---- DATA FOR ANALYSIS

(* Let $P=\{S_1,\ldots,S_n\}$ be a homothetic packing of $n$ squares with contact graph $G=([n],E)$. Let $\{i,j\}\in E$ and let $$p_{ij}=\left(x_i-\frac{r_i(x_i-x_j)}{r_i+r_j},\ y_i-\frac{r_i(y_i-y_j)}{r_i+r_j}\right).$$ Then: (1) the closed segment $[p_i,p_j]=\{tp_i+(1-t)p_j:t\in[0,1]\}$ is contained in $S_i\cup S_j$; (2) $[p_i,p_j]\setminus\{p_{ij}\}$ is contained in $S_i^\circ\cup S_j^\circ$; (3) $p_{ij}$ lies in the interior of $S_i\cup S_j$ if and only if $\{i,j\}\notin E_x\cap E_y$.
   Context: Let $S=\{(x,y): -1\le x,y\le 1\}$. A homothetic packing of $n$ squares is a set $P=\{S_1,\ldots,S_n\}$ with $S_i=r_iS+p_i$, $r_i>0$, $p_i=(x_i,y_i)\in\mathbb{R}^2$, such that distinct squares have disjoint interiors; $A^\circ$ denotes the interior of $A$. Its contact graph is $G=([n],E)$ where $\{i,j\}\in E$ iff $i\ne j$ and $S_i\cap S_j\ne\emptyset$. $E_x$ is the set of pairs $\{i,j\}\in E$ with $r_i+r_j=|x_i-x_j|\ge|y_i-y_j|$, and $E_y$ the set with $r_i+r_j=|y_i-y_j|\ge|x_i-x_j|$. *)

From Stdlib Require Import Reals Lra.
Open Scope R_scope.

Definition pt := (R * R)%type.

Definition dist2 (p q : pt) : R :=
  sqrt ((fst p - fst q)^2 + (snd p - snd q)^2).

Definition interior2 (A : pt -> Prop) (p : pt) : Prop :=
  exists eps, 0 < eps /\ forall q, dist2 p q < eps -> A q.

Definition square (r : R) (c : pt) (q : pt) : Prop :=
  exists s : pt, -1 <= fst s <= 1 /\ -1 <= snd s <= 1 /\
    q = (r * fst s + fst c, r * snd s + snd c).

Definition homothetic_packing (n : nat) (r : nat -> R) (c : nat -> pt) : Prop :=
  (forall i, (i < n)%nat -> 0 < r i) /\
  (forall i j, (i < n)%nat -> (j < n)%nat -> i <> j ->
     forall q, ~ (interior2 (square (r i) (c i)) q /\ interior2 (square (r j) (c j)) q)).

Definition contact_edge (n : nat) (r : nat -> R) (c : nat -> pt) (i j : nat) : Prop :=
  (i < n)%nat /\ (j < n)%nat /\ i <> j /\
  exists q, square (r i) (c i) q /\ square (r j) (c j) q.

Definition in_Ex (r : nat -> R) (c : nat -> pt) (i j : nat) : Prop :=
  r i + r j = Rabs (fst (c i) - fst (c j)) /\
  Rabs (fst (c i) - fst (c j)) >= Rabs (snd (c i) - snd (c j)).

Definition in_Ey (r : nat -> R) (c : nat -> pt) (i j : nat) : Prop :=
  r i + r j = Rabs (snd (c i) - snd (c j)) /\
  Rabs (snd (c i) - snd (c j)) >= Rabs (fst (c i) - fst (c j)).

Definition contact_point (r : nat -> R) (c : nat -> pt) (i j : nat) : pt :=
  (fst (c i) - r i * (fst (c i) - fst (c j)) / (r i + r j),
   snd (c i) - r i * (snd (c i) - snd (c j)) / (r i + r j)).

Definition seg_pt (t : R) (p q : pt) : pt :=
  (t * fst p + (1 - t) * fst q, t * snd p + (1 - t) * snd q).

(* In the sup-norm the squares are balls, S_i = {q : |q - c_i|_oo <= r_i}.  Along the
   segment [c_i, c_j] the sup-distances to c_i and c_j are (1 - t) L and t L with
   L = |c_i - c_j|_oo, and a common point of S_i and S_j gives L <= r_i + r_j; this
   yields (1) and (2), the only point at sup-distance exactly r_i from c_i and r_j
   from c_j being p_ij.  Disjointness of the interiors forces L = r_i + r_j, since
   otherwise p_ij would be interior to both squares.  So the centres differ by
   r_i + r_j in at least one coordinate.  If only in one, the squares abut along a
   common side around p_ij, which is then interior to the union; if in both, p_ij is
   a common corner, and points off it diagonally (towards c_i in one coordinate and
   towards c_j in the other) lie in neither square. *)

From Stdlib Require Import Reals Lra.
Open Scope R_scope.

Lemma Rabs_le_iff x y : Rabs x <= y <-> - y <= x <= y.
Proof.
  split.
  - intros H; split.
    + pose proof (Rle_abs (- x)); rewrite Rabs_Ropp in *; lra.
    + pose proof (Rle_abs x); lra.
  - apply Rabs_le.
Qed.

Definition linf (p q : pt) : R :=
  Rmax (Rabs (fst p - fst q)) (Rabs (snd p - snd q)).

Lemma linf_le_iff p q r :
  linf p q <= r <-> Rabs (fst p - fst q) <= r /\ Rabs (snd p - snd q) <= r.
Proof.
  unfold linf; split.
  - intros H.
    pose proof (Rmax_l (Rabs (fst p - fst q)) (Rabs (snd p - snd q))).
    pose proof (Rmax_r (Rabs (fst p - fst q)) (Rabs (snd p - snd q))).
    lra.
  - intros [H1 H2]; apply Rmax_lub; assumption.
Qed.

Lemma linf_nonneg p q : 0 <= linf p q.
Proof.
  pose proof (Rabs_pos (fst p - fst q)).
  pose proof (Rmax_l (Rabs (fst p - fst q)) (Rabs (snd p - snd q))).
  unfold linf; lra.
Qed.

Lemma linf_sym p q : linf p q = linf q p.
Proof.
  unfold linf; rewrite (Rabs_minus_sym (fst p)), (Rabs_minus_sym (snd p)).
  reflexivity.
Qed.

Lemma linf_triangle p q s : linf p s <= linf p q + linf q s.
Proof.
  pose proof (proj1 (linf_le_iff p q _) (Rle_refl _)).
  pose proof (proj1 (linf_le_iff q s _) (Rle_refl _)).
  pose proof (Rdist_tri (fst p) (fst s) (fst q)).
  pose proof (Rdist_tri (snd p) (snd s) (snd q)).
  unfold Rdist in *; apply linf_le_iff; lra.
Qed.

--------

YOUR INSTRUCTIONS = Would you transcribe the entries above exactly as they appear?

ANSWER TO THE PROBLEM =
(* Let $P=\{S_1,\ldots,S_n\}$ be a homothetic packing of $n$ squares with contact graph $G=([n],E)$. Let $\{i,j\}\in E$ and let $$p_{ij}=\left(x_i-\frac{r_i(x_i-x_j)}{r_i+r_j},\ y_i-\frac{r_i(y_i-y_j)}{r_i+r_j}\right).$$ Then: (1) the closed segment $[p_i,p_j]=\{tp_i+(1-t)p_j:t\in[0,1]\}$ is contained in $S_i\cup S_j$; (2) $[p_i,p_j]\setminus\{p_{ij}\}$ is contained in $S_i^\circ\cup S_j^\circ$; (3) $p_{ij}$ lies in the interior of $S_i\cup S_j$ if and only if $\{i,j\}\notin E_x\cap E_y$.
   Context: Let $S=\{(x,y): -1\le x,y\le 1\}$. A homothetic packing of $n$ squares is a set $P=\{S_1,\ldots,S_n\}$ with $S_i=r_iS+p_i$, $r_i>0$, $p_i=(x_i,y_i)\in\mathbb{R}^2$, such that distinct squares have disjoint interiors; $A^\circ$ denotes the interior of $A$. Its contact graph is $G=([n],E)$ where $\{i,j\}\in E$ iff $i\ne j$ and $S_i\cap S_j\ne\emptyset$. $E_x$ is the set of pairs $\{i,j\}\in E$ with $r_i+r_j=|x_i-x_j|\ge|y_i-y_j|$, and $E_y$ the set with $r_i+r_j=|y_i-y_j|\ge|x_i-x_j|$. *)

From Stdlib Require Import Reals Lra.
Open Scope R_scope.

Definition pt := (R * R)%type.

Definition dist2 (p q : pt) : R :=
  sqrt ((fst p - fst q)^2 + (snd p - snd q)^2).

Definition interior2 (A : pt -> Prop) (p : pt) : Prop :=
  exists eps, 0 < eps /\ forall q, dist2 p q < eps -> A q.

Definition square (r : R) (c : pt) (q : pt) : Prop :=
  exists s : pt, -1 <= fst s <= 1 /\ -1 <= snd s <= 1 /\
    q = (r * fst s + fst c, r * snd s + snd c).

Definition homothetic_packing (n : nat) (r : nat -> R) (c : nat -> pt) : Prop :=
  (forall i, (i < n)%nat -> 0 < r i) /\
  (forall i j, (i < n)%nat -> (j < n)%nat -> i <> j ->
     forall q, ~ (interior2 (square (r i) (c i)) q /\ interior2 (square (r j) (c j)) q)).

Definition contact_edge (n : nat) (r : nat -> R) (c : nat -> pt) (i j : nat) : Prop :=
  (i < n)%nat /\ (j < n)%nat /\ i <> j /\
  exists q, square (r i) (c i) q /\ square (r j) (c j) q.

Definition in_Ex (r : nat -> R) (c : nat -> pt) (i j : nat) : Prop :=
  r i + r j = Rabs (fst (c i) - fst (c j)) /\
  Rabs (fst (c i) - fst (c j)) >= Rabs (snd (c i) - snd (c j)).

Definition in_Ey (r : nat -> R) (c : nat -> pt) (i j : nat) : Prop :=
  r i + r j = Rabs (snd (c i) - snd (c j)) /\
  Rabs (snd (c i) - snd (c j)) >= Rabs (fst (c i) - fst (c j)).

Definition contact_point (r : nat -> R) (c : nat -> pt) (i j : nat) : pt :=
  (fst (c i) - r i * (fst (c i) - fst (c j)) / (r i + r j),
   snd (c i) - r i * (snd (c i) - snd (c j)) / (r i + r j)).

Definition seg_pt (t : R) (p q : pt) : pt :=
  (t * fst p + (1 - t) * fst q, t * snd p + (1 - t) * snd q).

(* In the sup-norm the squares are balls, S_i = {q : |q - c_i|_oo <= r_i}.  Along the
   segment [c_i, c_j] the sup-distances to c_i and c_j are (1 - t) L and t L with
   L = |c_i - c_j|_oo, and a common point of S_i and S_j gives L <= r_i + r_j; this
   yields (1) and (2), the only point at sup-distance exactly r_i from c_i and r_j
   from c_j being p_ij.  Disjointness of the interiors forces L = r_i + r_j, since
   otherwise p_ij would be interior to both squares.  So the centres differ by
   r_i + r_j in at least one coordinate.  If only in one, the squares abut along a
   common side around p_ij, which is then interior to the union; if in both, p_ij is
   a common corner, and points off it diagonally (towards c_i in one coordinate and
   towards c_j in the other) lie in neither square. *)

From Stdlib Require Import Reals Lra.
Open Scope R_scope.

Lemma Rabs_le_iff x y : Rabs x <= y <-> - y <= x <= y.
Proof.
  split.
  - intros H; split.
    + pose proof (Rle_abs (- x)); rewrite Rabs_Ropp in *; lra.
    + pose proof (Rle_abs x); lra.
  - apply Rabs_le.
Qed.

Definition linf (p q : pt) : R :=
  Rmax (Rabs (fst p - fst q)) (Rabs (snd p - snd q)).

Lemma linf_le_iff p q r :
  linf p q <= r <-> Rabs (fst p - fst q) <= r /\ Rabs (snd p - snd q) <= r.
Proof.
  unfold linf; split.
  - intros H.
    pose proof (Rmax_l (Rabs (fst p - fst q)) (Rabs (snd p - snd q))).
    pose proof (Rmax_r (Rabs (fst p - fst q)) (Rabs (snd p - snd q))).
    lra.
  - intros [H1 H2]; apply Rmax_lub; assumption.
Qed.

Lemma linf_nonneg p q : 0 <= linf p q.
Proof.
  pose proof (Rabs_pos (fst p - fst q)).
  pose proof (Rmax_l (Rabs (fst p - fst q)) (Rabs (snd p - snd q))).
  unfold linf; lra.
Qed.

Lemma linf_sym p q : linf p q = linf q p.
Proof.
  unfold linf; rewrite (Rabs_minus_sym (fst p)), (Rabs_minus_sym (snd p)).
  reflexivity.
Qed.

Lemma linf_triangle p q s : linf p s <= linf p q + linf q s.
Proof.
  pose proof (proj1 (linf_le_iff p q _) (Rle_refl _)).
  pose proof (proj1 (linf_le_iff q s _) (Rle_refl _)).
  pose proof (Rdist_tri (fst p) (fst s) (fst q)).
  pose proof (Rdist_tri (snd p) (snd s) (snd q)).
  unfold Rdist in *; apply linf_le_iff; lra.
Qed.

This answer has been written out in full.